The state-approved textbook, entitled 'Ukrainian Language', and oriented toward grade 11 students studying the Ukrainian language, has recently been rediscovered by Russian and Ukrainian social media users over its radical, hateful language. It is worth quoting here in full:
"We are all the children of Ukraine. Ukraine is our mother. One cannot choose one's mother, honest people at least. But the Little Russians, having been born Ukrainians, have rejected their own mother; they pledge allegiance to their stepmother [meaning Russia] and serve her like a mother. There are people among us born this way, people among us living this way, and demanding respect unto themselves. Such 'children of Ukraine' do not skip a beat when they betray their mother –Ukraine. They have no sense of shame for such heinous behavior; they do not have the moral quality of responsibility to their ancestors or their descendants; they do not feel remorse for their disgraceful behavior before the whole Ukrainian nation.

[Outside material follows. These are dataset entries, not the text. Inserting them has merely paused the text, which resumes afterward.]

(* Let $C_0>0$, $\mathcal{U}_0=e^{C_0}/(1+e^{C_0})^2$, $m\in\mathcal{M}$, and let $\{\psi_1,\dots,\psi_{D}\}$ ($D=D_m$) be an orthonormal basis (for $\langle\cdot,\cdot\rangle_n$) of $\mathrm{span}\{\phi_k,k\in m\}$. For $\beta\in\mathbb{R}^D$ put $f_\beta=\sum_{j=1}^D\beta_j\psi_j$, and let $\Lambda_m$ be the set of $\beta$ such that $f_\beta\in\mathcal{S}_m\cap\mathbb{L}_\infty(C_0)$. If $\beta^*$ is any minimizer of $\beta\mapsto\gamma(f_\beta)$ over $\Lambda_m$, then for all $\beta\in\Lambda_m$, $$\frac{\mathcal{U}_0^2}{2}\|f_\beta-f_{\beta^*}\|_n^2\le\gamma(f_\beta)-\gamma(f_{\beta^*}).$$
   Context: Observations $(Y_1,x_1),\dots,(Y_n,x_n)\in\{0,1\}\times\mathcal{X}$, deterministic $x_i$, independent $Y_i$ with $\mathbb{E}_{f_0}(Y_i)=\pi_{f_0}(x_i)$, $\pi_f(x)=e^{f(x)}/(1+e^{f(x)})$. $\gamma_n(f)=\frac1n\sum_{i=1}^n\{\log(1+e^{f(x_i)})-Y_if(x_i)\}$, $\gamma(f)=\mathbb{E}_{f_0}[\gamma_n(f)]$. $\langle f,g\rangle_n=\frac1n\sum_i f(x_i)g(x_i)$, $\|f\|_n^2=\langle f,f\rangle_n$. A dictionary $\{\phi_1,\dots,\phi_M\}$ is fixed; $\mathcal{M}$ is the set of subsets $m\subset\{1,\dots,M\}$, $\mathcal{S}_m=\{\sum_{j\in m}\beta_j\phi_j\}$, $D_m=\dim\mathrm{span}\{\phi_j,j\in m\}$. $\mathbb{L}_\infty(C_0)=\{f:\max_{1\le i\le n}|f(x_i)|\le C_0\}$. *)

From HB Require Import structures.
From mathcomp Require Import all_boot all_order all_algebra.
From mathcomp Require Import all_classical all_reals all_analysis.
Set Implicit Arguments. Unset Strict Implicit. Unset Printing Implicit Defensive.
Import Order.TTheory GRing.Theory Num.Theory.
Local Open Scope ring_scope.

Section Defs.
Variables (R : realType) (X : Type) (n : nat) (x : 'I_n -> X).

Definition logistic (f : X -> R) (t : X) : R := expR (f t) / (1 + expR (f t)).

Definition inner_n (f g : X -> R) : R := n%:R^-1 * \sum_(i < n) f (x i) * g (x i).
Definition sqnorm_n (f : X -> R) : R := inner_n f f.

Definition gamma_n (Y : 'I_n -> R) (f : X -> R) : R :=
  n%:R^-1 * \sum_(i < n) (ln (1 + expR (f (x i))) - Y i * f (x i)).

(* gamma(f) = E_{f0}[gamma_n(f)]: by linearity, since E(Y_i) = pi_{f0}(x_i),
   this is gamma_n evaluated at Y_i := pi_{f0}(x_i). *)
Definition gamma (f0 : X -> R) (f : X -> R) : R :=
  gamma_n (fun i => logistic f0 (x i)) f.

Definition Linf (C0 : R) (f : X -> R) : Prop := forall i : 'I_n, `|f (x i)| <= C0.
End Defs.

Definition in_Sm (R : realType) (X : Type) (M : nat) (phi : 'I_M -> X -> R)
  (m : {set 'I_M}) (f : X -> R) : Prop :=
  exists b : 'I_M -> R, f = (fun t => \sum_(j in m) b j * phi j t).

Definition fbeta (R : realType) (X : Type) (D : nat) (psi : 'I_D -> X -> R)
  (beta : 'I_D -> R) : X -> R := fun t => \sum_(j < D) beta j * psi j t.

From HB Require Import structures.
From mathcomp Require Import all_boot all_order all_algebra.
From mathcomp Require Import all_classical all_reals all_analysis.
From mathcomp Require Import ring lra.
Import Order.TTheory GRing.Theory Num.Theory numFieldNormedType.Exports.
Local Open Scope ring_scope.

Set Implicit Arguments.
Unset Strict Implicit.

(* On [-C0, C0] the second derivative e^s/(1+e^s)^2 of s |-> ln(1+e^s) is at
   least U0, so s |-> ln(1+e^s) - U0/2 s^2 is convex there, and the contrast is
   U0-strongly convex on the convex set Lambda_m.  Writing f = f_beta and
   g = f_beta_star, minimality of g against the admissible convex combination
   U0 g + (1-U0) f gives
   (1-U0) (gamma f - gamma g) >= U0/2 U0 (1-U0) ||f - g||_n^2. *)

Section SoftplusConvexity.
Variable R : realType.

Definition sigmoid_slope (s : R) : R := expR s / (1 + expR s) ^+ 2.

Lemma sigmoid_slope_gt0 (s : R) : 0 < sigmoid_slope s.
Proof. by rewrite divr_gt0 ?expR_gt0 // exprn_gt0 // addr_gt0 ?expR_gt0. Qed.

Lemma sigmoid_slope_lt1 (s : R) : sigmoid_slope s < 1.
Proof.
have e0 := expR_gt0 s.
by rewrite ltr_pdivrMr ?exprn_gt0 ?addr_gt0 // mul1r; nra.
Qed.

(* e^s/(1+e^s)^2 is even and decreasing in |s|. *)
Lemma sigmoid_slope_ge (C0 s : R) :
  `|s| <= C0 -> sigmoid_slope C0 <= sigmoid_slope s.
Proof.
rewrite ler_norml => /andP[C0s sC].
have u0 : 0 < expR s := expR_gt0 s.
have v0 : 0 < expR C0 := expR_gt0 C0.
have uv : expR s <= expR C0 by rewrite ler_expR.
have uv1 : 1 <= expR s * expR C0.
  by rewrite -expRD -expR0 ler_expR -lerBlDr sub0r.
rewrite /sigmoid_slope.
set u := expR s in u0 uv uv1 *; set v := expR C0 in v0 uv uv1 *.
rewrite ler_pdivrMr ?exprn_gt0 ?addr_gt0 // mulrAC ler_pdivlMr ?exprn_gt0 ?addr_gt0 //.
nra.
Qed.

Lemma one_plus_expR_gt0 (s : R) : 0 < 1 + expR s.
Proof. by rewrite addr_gt0 // expR_gt0. Qed.

Lemma is_derive_one_plus_expR (s : R) :
  is_derive s 1 (fun s : R => 1 + expR s) (expR s).
Proof.
have h := is_deriveD (is_derive_cst (1 : R) s 1) (is_derive_expR s).
by rewrite add0r in h.
Qed.

Definition softplus_sub_sq (k s : R) : R := ln (1 + expR s) - k * s ^+ 2.

Lemma is_derive_softplus_sub_sq (k s : R) :
  is_derive s 1 (softplus_sub_sq k) (expR s / (1 + expR s) - k * (2 * s)).
Proof.
have dln : is_derive s 1 ((@ln R) \o (fun s : R => 1 + expR s))
                     ((1 + expR s)^-1 * expR s).
  apply: is_derive1_comp (is_derive_one_plus_expR s).
  exact: is_derive1_ln (one_plus_expR_gt0 s).
apply: is_derive_eq (is_deriveB dln (is_deriveZ k (is_deriveX 2 (is_derive_id s 1)))) _.
by rewrite /= expr1 [_^-1 * _]mulrC /GRing.scale /= mulr1.
Qed.

Lemma is_derive2_softplus_sub_sq (k s : R) :
  is_derive s 1 (fun s => expR s / (1 + expR s) - k * (2 * s))
    (sigmoid_slope s - k * 2).
Proof.
have ne := lt0r_neq0 (one_plus_expR_gt0 s).
have dinv :=
  @is_deriveV R (fun s : R => 1 + expR s) s _ _ ne (is_derive_one_plus_expR s).
apply: is_derive_eq
  (is_deriveB (is_deriveM (is_derive_expR s) dinv)
              (is_deriveZ k (is_deriveZ 2 (is_derive_id s 1)))) _.
rewrite /GRing.scale /sigmoid_slope /=.
by set e := expR s in ne *; field.
Qed.

Lemma derive1_softplus_sub_sq (k : R) :
  'D_1 (softplus_sub_sq k) = fun s => expR s / (1 + expR s) - k * (2 * s).
Proof. by apply/funext => s; have [_ ->] := is_derive_softplus_sub_sq k s. Qed.

Lemma continuous_softplus_sub_sq (k s : R) : {for s, continuous (softplus_sub_sq k)}.
Proof.
apply: differentiable_continuous; apply/derivable1_diffP.
by have [] := is_derive_softplus_sub_sq k s.
Qed.

Local Open Scope convex_scope.
Lemma softplus_sub_sq_convex_le (k a b : R) (t : {i01 R}) : a <= b ->
  (forall s, a < s < b -> k * 2 <= sigmoid_slope s) ->
  softplus_sub_sq k ((a : R^o) <| t |> (b : R^o))
    <= (softplus_sub_sq k a : R^o) <| t |> (softplus_sub_sq k b : R^o).
Proof.
move=> ab slope_ge.
apply: second_derivative_convex => //.
- move=> s /slope_ge; rewrite derive1_softplus_sub_sq -subr_ge0.
  by have [_ ->] := is_derive2_softplus_sub_sq k s.
- exact/cvg_at_left_filter/continuous_softplus_sub_sq.
- exact/cvg_at_right_filter/continuous_softplus_sub_sq.
- by move=> s _; have [] := is_derive_softplus_sub_sq k s.
- move=> s _; rewrite derive1_softplus_sub_sq.
  by have [] := is_derive2_softplus_sub_sq k s.
Qed.
Local Close Scope convex_scope.

Lemma softplus_sub_sq_convex (k a b t : R) : 0 <= t <= 1 ->
  (forall s, Num.min a b < s < Num.max a b -> k * 2 <= sigmoid_slope s) ->
  softplus_sub_sq k (t * a + (1 - t) * b)
    <= t * softplus_sub_sq k a + (1 - t) * softplus_sub_sq k b.
Proof.
move=> /andP[t0 t1] slope_ge.
have [ab|ba] := leP a b.
  have := softplus_sub_sq_convex_le (k:=k) (Itv01 t0 t1) ab.
  rewrite !convRE /=; apply=> s /andP[lo hi].
  by apply: slope_ge; rewrite (min_idPl ab) (max_idPr ab) lo hi.
have t0' : 0 <= 1 - t by rewrite subr_ge0.
have t1' : 1 - t <= 1 by rewrite lerBlDr lerDl.
have le := softplus_sub_sq_convex_le (k:=k) (Itv01 t0' t1') (ltW ba).
have onemK : unstable.onem (1 - t) = t by rewrite /unstable.onem opprB addrC subrK.
rewrite !convRE /= onemK in le.
rewrite addrC [X in _ <= X]addrC; apply: le => s /andP[lo hi].
by apply: slope_ge; rewrite (min_idPr (ltW ba)) (max_idPl (ltW ba)) lo hi.
Qed.

Lemma softplus_strong_convex (C0 a b t : R) :
  `|a| <= C0 -> `|b| <= C0 -> 0 <= t <= 1 ->
  ln (1 + expR (t * a + (1 - t) * b))
    <= t * ln (1 + expR a) + (1 - t) * ln (1 + expR b)
       - sigmoid_slope C0 / 2 * t * (1 - t) * ((b - a) * (b - a)).
Proof.
rewrite !ler_norml => /andP[Ca aC] /andP[Cb bC] t01.
have slope_ge s : Num.min a b < s < Num.max a b ->
    sigmoid_slope C0 / 2 * 2 <= sigmoid_slope s.
  move=> /andP[lo hi]; rewrite mulfVK ?pnatr_eq0 //; apply: sigmoid_slope_ge.
  rewrite ler_norml; apply/andP; split.
  - by apply: le_trans (ltW lo); rewrite le_min Ca Cb.
  - by apply: le_trans (ltW hi) _; rewrite ge_max aC bC.
have := softplus_sub_sq_convex t01 slope_ge.
rewrite /softplus_sub_sq; lra.
Qed.
End SoftplusConvexity.

Lemma convex_min_gap (R : realType) (gs gc gf k q t : R) : t < 1 ->
  gs <= gc -> gc <= t * gs + (1 - t) * gf - k * t * (1 - t) * q ->
  k * t * q <= gf - gs.
Proof. by move=> t1 sc cf; rewrite -(ler_pM2l (_ : 0 < 1 - t)) ?subr_gt0 //; lra. Qed.

Section EmpiricalContrast.
Variables (R : realType) (X : Type) (n : nat) (x : 'I_n -> X).

Lemma Linf_convex (C0 t : R) (f g : X -> R) : 0 <= t <= 1 ->
  Linf x C0 f -> Linf x C0 g -> Linf x C0 (fun s => t * f s + (1 - t) * g s).
Proof.
move=> /andP[t0 t1] fC0 gC0 i; have := fC0 i; have := gC0 i.
rewrite !ler_norml => /andP[? ?] /andP[? ?]; apply/andP; split; nra.
Qed.

Lemma gamma_n_strong_convex (Y : 'I_n -> R) (C0 t : R) (f g : X -> R) :
  Linf x C0 f -> Linf x C0 g -> 0 <= t <= 1 ->
  gamma_n x Y (fun s => t * f s + (1 - t) * g s)
    <= t * gamma_n x Y f + (1 - t) * gamma_n x Y g
       - sigmoid_slope C0 / 2 * t * (1 - t) * sqnorm_n x (fun s => g s - f s).
Proof.
move=> fC0 gC0 t01; rewrite /gamma_n /sqnorm_n /inner_n.
set c := sigmoid_slope C0 / 2 * t * (1 - t).
rewrite [X in _ <= X](_ : _ = n%:R^-1 * \sum_(i < n)
    (t * (ln (1 + expR (f (x i))) - Y i * f (x i))
     + (1 - t) * (ln (1 + expR (g (x i))) - Y i * g (x i))
     - c * ((g (x i) - f (x i)) * (g (x i) - f (x i))))); last first.
  by rewrite [in RHS]sumrB [in RHS]big_split /= -!mulr_sumr; ring.
apply: ler_wpM2l; first by rewrite invr_ge0.
apply: ler_sum => i _.
have := softplus_strong_convex (fC0 i) (gC0 i) t01.
rewrite /c; lra.
Qed.

End EmpiricalContrast.

Lemma in_Sm_lincomb (R : realType) (X : Type) (M : nat) (phi : 'I_M -> X -> R)
    (m : {set 'I_M}) (a b : R) (f g : X -> R) :
  in_Sm phi m f -> in_Sm phi m g -> in_Sm phi m (fun s => a * f s + b * g s).
Proof.
move=> [cf ->] [cg ->]; exists (fun j => a * cf j + b * cg j).
apply/funext => s; rewrite !mulr_sumr -big_split /=.
by apply: eq_bigr => j _; ring.
Qed.

Lemma fbeta_lincomb (R : realType) (X : Type) (D : nat) (psi : 'I_D -> X -> R)
    (a b : R) (beta1 beta2 : 'I_D -> R) :
  fbeta psi (fun j => a * beta1 j + b * beta2 j)
    = fun s => a * fbeta psi beta1 s + b * fbeta psi beta2 s.
Proof.
apply/funext => s; rewrite /fbeta !mulr_sumr -big_split /=.
by apply: eq_bigr => j _; ring.
Qed.

Theorem lemma6p2 (R : realType) (X : Type) (n : nat) (x : 'I_n -> X)
  (f0 : X -> R) (M : nat) (phi : 'I_M -> X -> R) (m : {set 'I_M})
  (C0 : R) (D : nat) (psi : 'I_D -> X -> R) (beta_star : 'I_D -> R) :
  (0 < n)%N ->
  0 < C0 ->
  (* psi is an orthonormal basis of span{phi_k, k in m} for <.,.>_n *)
  (forall j : 'I_D, in_Sm phi m (psi j)) ->
  (forall j k : 'I_D, inner_n x (psi j) (psi k) = (j == k)%:R) ->
  (forall k : 'I_M, k \in m ->
     exists c : 'I_D -> R, phi k = (fun t => \sum_(j < D) c j * psi j t)) ->
  let U0 := expR C0 / (1 + expR C0) ^+ 2 in
  let Lambda := fun beta : 'I_D -> R =>
    in_Sm phi m (fbeta psi beta) /\ Linf x C0 (fbeta psi beta) in
  (* beta_star minimizes beta |-> gamma(f_beta) over Lambda_m *)
  Lambda beta_star ->
  (forall beta, Lambda beta ->
     gamma x f0 (fbeta psi beta_star) <= gamma x f0 (fbeta psi beta)) ->
  forall beta, Lambda beta ->
    U0 ^+ 2 / 2 * sqnorm_n x (fun t => fbeta psi beta t - fbeta psi beta_star t)
    <= gamma x f0 (fbeta psi beta) - gamma x f0 (fbeta psi beta_star).
Proof.
move=> _ _ _ _ _ U0 Lambda [Sm_star Linf_star] minimal beta [Sm_beta Linf_beta].
have U0_01 : 0 <= U0 <= 1 by rewrite ltW ?sigmoid_slope_gt0 ?ltW ?sigmoid_slope_lt1.
set comb := fun j => U0 * beta_star j + (1 - U0) * beta j.
have Lambda_comb : Lambda comb.
  rewrite /Lambda /comb fbeta_lincomb; split; first exact: in_Sm_lincomb.
  exact: Linf_convex.
have := gamma_n_strong_convex (fun i => logistic f0 (x i)) Linf_star Linf_beta U0_01.
rewrite -fbeta_lincomb -/comb => convex_comb.
have := convex_min_gap (sigmoid_slope_lt1 C0) (minimal _ Lambda_comb) convex_comb.
by rewrite /gamma -/U0 [U0 ^+ 2 / 2]mulrAC.
Qed.
Theorem mainTheorem10 (R : realType) (S : finType) (m : nat)
  (delta : 'I_m.+1 -> S -> 'I_m.+1)
  (k : nat) (d : 'I_k -> nat)
  (phi : forall j : 'I_k, 'M[R[i]]_m -> 'M[R[i]]_(d j))
  (v u : seq S) (j : 'I_k) (I : 'M[R[i]]_(d j) -> Prop) (r : nat) :
  synchronizing delta ->
  WA_decomp (gen_alg (fun A => exists w, A = rho delta (R[i]) w)) phi ->
  unique_zero_minimal_ideal (theta_monoid delta phi j) I ->
  v_minimal delta phi v u ->
  j \in supp delta phi u ->
  is_Rnk delta phi j I r ->
  (exists reps : seq 'M[R[i]]_(d j),
      [/\ (size reps <= D2 r m.+1 + 1)%N,
          forall g, g \in reps -> I g &
          forall g, I g -> exists2 g', g' \in reps & sim_rel delta phi u j I g g'])
  /\
  (forall g, I g -> exists z : seq S,
      (size z <= D2 r m.+1)%N /\ sim_rel delta phi u j I (g *m theta delta phi j z) 0).
Proof.
move=> sync WA I_min _ u_supp I_Rnk; split.
  exact: sim_transversal_le_D2 WA sync I_min u_supp I_Rnk.
exact: sim_zero_short_word WA sync I_min u_supp I_Rnk.
Qed.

Only in form do these creatures belong to the human community, but in their essence they are degenerates and sub-humans (even if they have a higher education, academic degrees and titles). Ukrainian prisons long for many of them, long and cannot wait to welcome them. But do not worry jails; wait, and your time will come. You will yet open your doors and see the Ukrainophobes, and while hold them, not as guests, but to shut them in forever. And then Ukrainian society will be cleansed from this garbage, this unbearable filth and shame."
Attributed to an Ivan Belebeha, this example of poisonous hate speech is hidden away in an a seemingly innocuous subsection of the text entitled 'The Development of Coherent Speech: Transforming Text In Accordance With the Circumstances'.
With a spattering of Ukrainian and Russian commentators slamming the text back when it first came out in 2011, its recent rediscovery has the potential for even more resonance than before, given the events of the past year and the open, unchecked rise of radical nationalism, intolerance and neo-Nazi rhetoric in post-Maidan Ukraine.
Bringing attention to the text for English-language social media users community is Valentina Lisitsa, a popular Ukrainian-born American classical pianist who has faced criticism and censure over her opposition to the post-Maidan Ukrainian government.
Presenting a variant of the text in English for her Twitter followers, Lisitsa asks them to simply read the text and to ask themselves "if this could happen in YOUR country?"
School lesson: Ukrainian Nationalism 101 "[Minorities] are half-human, filthy, degenerates" http://t.co/N8dEy2kD8m pic.twitter.com/Takdq8NXOg
— NedoUkraïnka (@ValLisitsa) 6 мая 2015
Lisitsa's followers have begun their response:
@ValLisitsa it DID happen so in the country of my grand parents and ended 70years ago. This guys seems to be "inspired" by this ideology.
— Medienjunki (@radiohans) 6 мая 2015
It happened in my country, next door to the European Union, for 40 years, not so long ago. It can happen again. @ValLisitsa
— Nahia Sanzo (@nsanzo) 6 мая 2015
@ValLisitsa Julius Streicher would be proud.
— Gracchus Babeuf (@GBabeuf) 6 мая 2015
[Streicher was a top Nazi wartime propagandist.]
@ValLisitsa How insulting, threatening and fascistic can a single page be... Shocking!